# Loading libraries and data

In [None]:
# importing necessary libraries
import numpy as np
import pandas as pd

import warnings
warnings.filterwarnings('ignore')

import plotly.express as px
from plotly.subplots import make_subplots
import plotly.graph_objects as go

In [None]:
# Loading dataset
df_train = pd.read_csv('../input/tabular-playground-series-jan-2022/train.csv')
df_test  = pd.read_csv('../input/tabular-playground-series-jan-2022/test.csv')
subms  =   pd.read_csv('../input/tabular-playground-series-jan-2022/sample_submission.csv')

# First look at the data

In [None]:
# First look at the data
print('\n *** Train data ***')
print(df_train.head())
print('\n --------------------------------------------------------------------- \n')
print ('\n *** Test data ***')
print(df_test.head())
print('\n --------------------------------------------------------------------- \n')
print('\n *** Shape of Train data ***')
print(df_train.shape)
print('\n --------------------------------------------------------------------- \n')
print('\n *** Shape of Test data ***')
print(df_test.shape)
print('\n --------------------------------------------------------------------- \n')
print('\n *** Info ***')
print(df_train.info())
print('\n --------------------------------------------------------------------- \n')
print('\n *** Columns in the data *** \n')
print(df_train.columns)
print('\n --------------------------------------------------------------------- \n')
print('\n *** Description of the data *** \n')
print(df_train.describe())
print('\n --------------------------------------------------------------------- \n')
print('\n *** Data types ***')
print(df_train.dtypes)
print('\n --------------------------------------------------------------------- \n')

In [None]:
# Checking for missing values
print('\n Missing values in train dataset \n')
print(df_train.isnull().sum())
print('\n ------------------------------------ \n')
print('\n Missing values in test dataset \n')
print(df_test.isnull().sum())

In [None]:
# Time frame
print('*** Time frame for train data ***')
print('Beginning date', df_train['date'].min())
print('Ending date', df_train['date'].max())
print('\n ------------------------------------ \n')
print('*** Time frame for test data ***')
print('Beginning date', df_test['date'].min())
print('Ending date', df_test['date'].max())                                 

In [None]:
print('Unique features in train data')
print(df_train.nunique())
print('\n ------------------------------------ \n')
print('Unique features in test data')
print(df_test.nunique())

In [None]:
print('Checking features in train data')
print(df_train['date'].value_counts())
print('\n ------------------------------------ \n')
print(df_train['country'].value_counts())
print('\n ------------------------------------ \n')
print(df_train['store'].value_counts())
print('\n ------------------------------------ \n')
print(df_train['product'].value_counts())

**Inference**
* Sales data is given for 1461 days starting from 2015-01-01 to 2018-12-31 <br>
* Sales for the year 2019 has to be predicted 
* Each date has 18 entries (3 countries * 3 products * 2 stores)
* There are no missing values

# Visualization

In [None]:
grp = df_train.groupby(['date','store']).agg({'num_sold':'sum'}).reset_index()
fig = px.line(grp, x = 'date', y = 'num_sold', color='store')
fig.update_layout(title='Sales by Date and Store type')
fig.show()

**Inference**
* KaggleRama sells more products than KaggleMart
* Sales increase is noticed at the end of each year

In [None]:
train_KMart = df_train[df_train.store == 'KaggleMart']
train_KRama = df_train[df_train.store == 'KaggleRama']
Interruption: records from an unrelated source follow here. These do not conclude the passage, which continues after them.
Lemma sum_modes_jacobi (Y0 : V -> int -> V -> V)
    (Y0_uv : forall j, is_fsum (fun m => Y u j m v) (Y0 u j v))
    (w : W) (p q s : int) (N : nat) :
  let T1 i := ((-1) ^+ i * bin K s i) *:
    sum_modes YW u (p + s - i%:Z) (sum_modes YW v (q + i%:Z) w) in
  let T2 i := ((-1) ^+ i * bin K s i) *:
    sum_modes YW v (q + s - i%:Z) (sum_modes YW u (p + i%:Z) w) in
  let R i := bin K p i *: sum_modes YW (Y0 u (s + i%:Z) v) (p + q - i%:Z) w in
  (forall i : nat, (N <= i)%N -> [/\ T1 i = 0, T2 i = 0 & R i = 0]) ->
  \sum_(i < N) T1 i - (-1) ^ s *: \sum_(i < N) T2 i = \sum_(i < N) R i.
Proof.
move=> T1 T2 R vanish.
have vanish1 i : (N <= i)%N -> T1 i = 0 by case/vanish.
have vanish2 i : (N <= i)%N -> T2 i = 0 by case/vanish.
have vanish3 i : (N <= i)%N -> R i = 0 by case/vanish.
have [N0 jac] := toroidal_jacobi_eventually HV HW u v w p q s.
rewrite -(big_ord_widen_vanish (leq_maxl N N0) vanish1).
rewrite -(big_ord_widen_vanish (leq_maxl N N0) vanish2).
rewrite -(big_ord_widen_vanish (leq_maxl N N0) vanish3).
have scale_double c (F : 'rV[int]_r -> 'rV[int]_r -> W) :
    c *: \sum_(m <- Su) \sum_(n <- Nset) F m n
    = \sum_(m <- Su) \sum_(n <- Nset) c *: F m n.
  by rewrite scaler_sumr; under eq_bigr do rewrite scaler_sumr.
have sum_ord_inside (F : 'I_(maxn N N0) -> 'rV[int]_r -> 'rV[int]_r -> W) :
    \sum_(i < maxn N N0) \sum_(m <- Su) \sum_(n <- Nset) F i m n
    = \sum_(m <- Su) \sum_(n <- Nset) \sum_(i < maxn N N0) F i m n.
  by rewrite exchange_big; apply: eq_bigr => m _; rewrite exchange_big.
rewrite /T1 /T2 /R.
under eq_bigr do rewrite sum_modes_comp_uv scale_double.
under [in X in _ - _ *: X]eq_bigr do rewrite sum_modes_comp_vu scale_double.
under [in RHS]eq_bigr do rewrite (sum_modes_mode_sum _ _ (Y0_uv _)) scale_double.
rewrite !sum_ord_inside scale_double -sumrB; apply: eq_bigr => m _.
by rewrite -sumrB; apply: eq_bigr => n _; apply: jac; apply: leq_maxr.
Qed.

End JacobiAtOne.

Lemma sum_modes_linearl a u1 u2 n w : in_V0 Y one u1 -> in_V0 Y one u2 ->
  sum_modes YW (a *: u1 + u2) n w = a *: sum_modes YW u1 n w + sum_modes YW u2 n w.
Proof.
case/in_V0_modes_supp=> S1 _ supp1; case/in_V0_modes_supp=> S2 _ supp2.
have uS : uniq (undup (S1 ++ S2)) by exact: undup_uniq.
have sub1 : {subset S1 <= undup (S1 ++ S2)} by move=> m; rewrite mem_undup mem_cat => ->.
have sub2 : {subset S2 <= undup (S1 ++ S2)}.
  by move=> m; rewrite mem_undup mem_cat => ->; rewrite orbT.
have supp1' := supp_in_sub (supp1 _ _ HW n w) sub1.
have supp2' := supp_in_sub (supp2 _ _ HW n w) sub2.
have [linl _ _] := HF.
rewrite !(sum_modesE uS) //; last by move=> m m_S /=; rewrite linl supp1' ?supp2' ?scaler0 ?addr0.
by rewrite scaler_sumr -big_split; apply: eq_bigr => m _; rewrite linl.
Qed.

Lemma sum_modes_linearr u n a w1 w2 : in_V0 Y one u ->
  sum_modes YW u n (a *: w1 + w2) = a *: sum_modes YW u n w1 + sum_modes YW u n w2.
Proof.
case/in_V0_modes_supp=> S uS suppS; have [_ linr _] := HF.
rewrite !(sum_modesE uS (suppS _ _ HW n _)) scaler_sumr -big_split.
by apply: eq_bigr => m _; rewrite linr.
Qed.

Lemma sum_modes_vacuum n w : sum_modes YW one n w = if n == -1 then w else 0.
Proof.
have [_ vac _] := HW.
rewrite (sum_modesE (s := [:: 0])) ?big_seq1 ?vac ?eqxx ?andbT // => m.
by rewrite inE /= vac => /negbTE ->; rewrite andbF.
Qed.

Lemma va_module_sum_modes (Y0 : V -> int -> V -> V) :
  (forall u, in_V0 Y one u -> forall n v, is_fsum (fun m => Y u n m v) (Y0 u n v)) ->
  va_module (in_V0 Y one) Y0 one (sum_modes YW).
Proof.
move=> HY0; split.
- by move=> *; apply: sum_modes_linearl.
- by move=> *; apply: sum_modes_linearr.
- move=> u w _; have [_ _ /(_ u w) [N0 trunc]] := HF; exists N0 => n N0n.
  by rewrite (sum_modesE (s := [::])) ?big_nil // => m _; apply: trunc.
- exact: sum_modes_vacuum.
move=> u v w p q s N V0u V0v.
have [Su uSu supp_u] := in_V0_modes_supp V0u.
have [Sv uSv supp_v] := in_V0_modes_supp V0v.
exact: sum_modes_jacobi uSu uSv supp_u supp_v _ (HY0 u V0u ^~ v) w p q s N.
Qed.

Lemma va_irreducible_sum_modes :
  toroidal_irreducible YW -> va_irreducible (in_V0 Y one) (sum_modes YW).
Proof.
case=> nontrivial irr; split=> // U subU closed; apply: irr => // v n m w Uw.
rewrite -(sum_modes_creation v m n w); apply: closed => //.
by exists [:: (1, v, -1, m)]; rewrite big_seq1 scale1r.
Qed.

End ModesAtOne.

End ModesSupport.

Theorem proposition2p6 (K : fieldType) (charK : [pchar K] =i pred0)
  (r : nat) (V : lmodType K) (Y : V -> int -> 'rV[int]_r -> V -> V) (one : V)
  (HV : toroidal_vertex_algebra Y one)
  (W : lmodType K) (YW : V -> int -> 'rV[int]_r -> W -> W)
  (HW : toroidal_module Y one YW)
  (Y0 : V -> int -> V -> V)
  (HY0 : forall u, in_V0 Y one u -> forall n v,
           is_fsum (fun m => Y u n m v) (Y0 u n v)) :
  (forall v m0 m n k w, k != m -> YW (Y v m0 m one) n k w = 0) /\
  (forall v n k w, is_fsum (fun m => YW (Y v (-1) m one) n k w) (YW v n k w)) /\
  (exists Y0W : V -> int -> W -> W,
     [/\ (forall u, in_V0 Y one u -> forall n w,
            is_fsum (fun m => YW u n m w) (Y0W u n w)),
         va_module (in_V0 Y one) Y0 one Y0W
       & (toroidal_irreducible YW -> va_irreducible (in_V0 Y one) Y0W)]).
Proof.
split; first by move=> *; apply: (YW_vacuum_mode_eq0 HW).
split.
  move=> v n k w; exists [:: k]; rewrite big_seq1 (YW_creation HV HW); split=> // m.
  by rewrite inE eq_sym; apply: (YW_vacuum_mode_eq0 HW).
exists (sum_modes YW); split.
- by move=> u V0u n w; apply: (sum_modes_fsum HW).
- exact: (va_module_sum_modes HV HW HY0).
- exact: (va_irreducible_sum_modes HV HW).
Qed.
grp_KMart = train_KMart.groupby(['date','product']).agg({'num_sold':'sum'}).reset_index()
fig = px.line(grp_KMart, x = 'date', y = 'num_sold', color='product')
fig.update_layout(title='KaggleMart sales by Date and Products')
fig.show()

In [None]:
grp_KRama = train_KRama.groupby(['date','product']).agg({'num_sold':'sum'}).reset_index()
fig = px.line(grp_KRama, x = 'date', y = 'num_sold', color='product')
fig.update_layout(title='KaggleRama  sales by Date and Products')
fig.show()

**Inference**
* Sales of hats is high compared to mugs and stickers in both the stores
* Sales of stickers is consistent except for the spikes during end of year
* High fluctuation is noticed in the sales of hats. Sales increases during the March - June every year and also during year end 

In [None]:
grp_KMart = train_KMart.groupby(['date','country']).agg({'num_sold':'sum'}).reset_index()
fig = px.line(grp_KMart, x = 'date', y = 'num_sold', color='country')
fig.update_layout(title='KaggleMart sales by Date and Country')
fig.show()

In [None]:
grp_KRama = train_KRama.groupby(['date','country']).agg({'num_sold':'sum'}).reset_index()
fig = px.line(grp_KRama, x = 'date', y = 'num_sold', color='country')
fig.update_layout(title='KaggleRama  sales by Date and Country')
fig.show()

**Inference**
* Sales is high in Norway compared to other two countries

In [None]:
# converting date feature from string to datetime data type
df_train['date'] = pd.to_datetime(df_train.date)
df_test['date'] = pd.to_datetime(df_test.date)

In [None]:
def feat1(df):
    df['dayofweek'] = df['date'].dt.dayofweek
    df['dayofmonth'] = df['date'].dt.day
    df['dayofyear'] = df['date'].dt.dayofyear
    df['quarter'] = df['date'].dt.quarter
    df['month'] = df['date'].dt.month
    df['year'] = df['date'].dt.year
    df['weekend']=(df['dayofweek']//5 == 1)       
    df['weekend']=df['weekend'].astype('int')  
    df['week']=df['date'].dt.isocalendar().week     
    df['week'][df['week']>52]=52                    
    df['week']=df['week'].astype('int')
    return df

df_train = feat1(df_train)
df_test = feat1(df_test)

In [None]:
def hbar(col):
    temp = df_train.groupby(col).agg({'num_sold':'mean'}).reset_index()
    temp = temp.sort_values(col, ascending=False)
    c = {
        'y' : list(temp['num_sold']),
        'x' : list(temp[col]),
        'title' : 'Average sales by ' +col}
    trace = go.Bar(y=c['y'], x=c['x'], orientation='v')
    layout = go.Layout(title=c['title'], xaxis_title="", yaxis_title="", width=650)
    fig = go.Figure([trace], layout=layout)
    fig.update_xaxes(tickangle=45, tickfont=dict(color='crimson'))
    fig.update_yaxes(tickangle=0, tickfont=dict(color='crimson'))
    fig.show()
    return trace
    
trace1 = hbar('dayofweek') 
trace2 = hbar('month') 
trace3 = hbar('year')

**Inference**
* Sales increases during weekend and on friday
* Max sales is noticed during December 
* July - Nov sales is low
* Sales of products increase year on year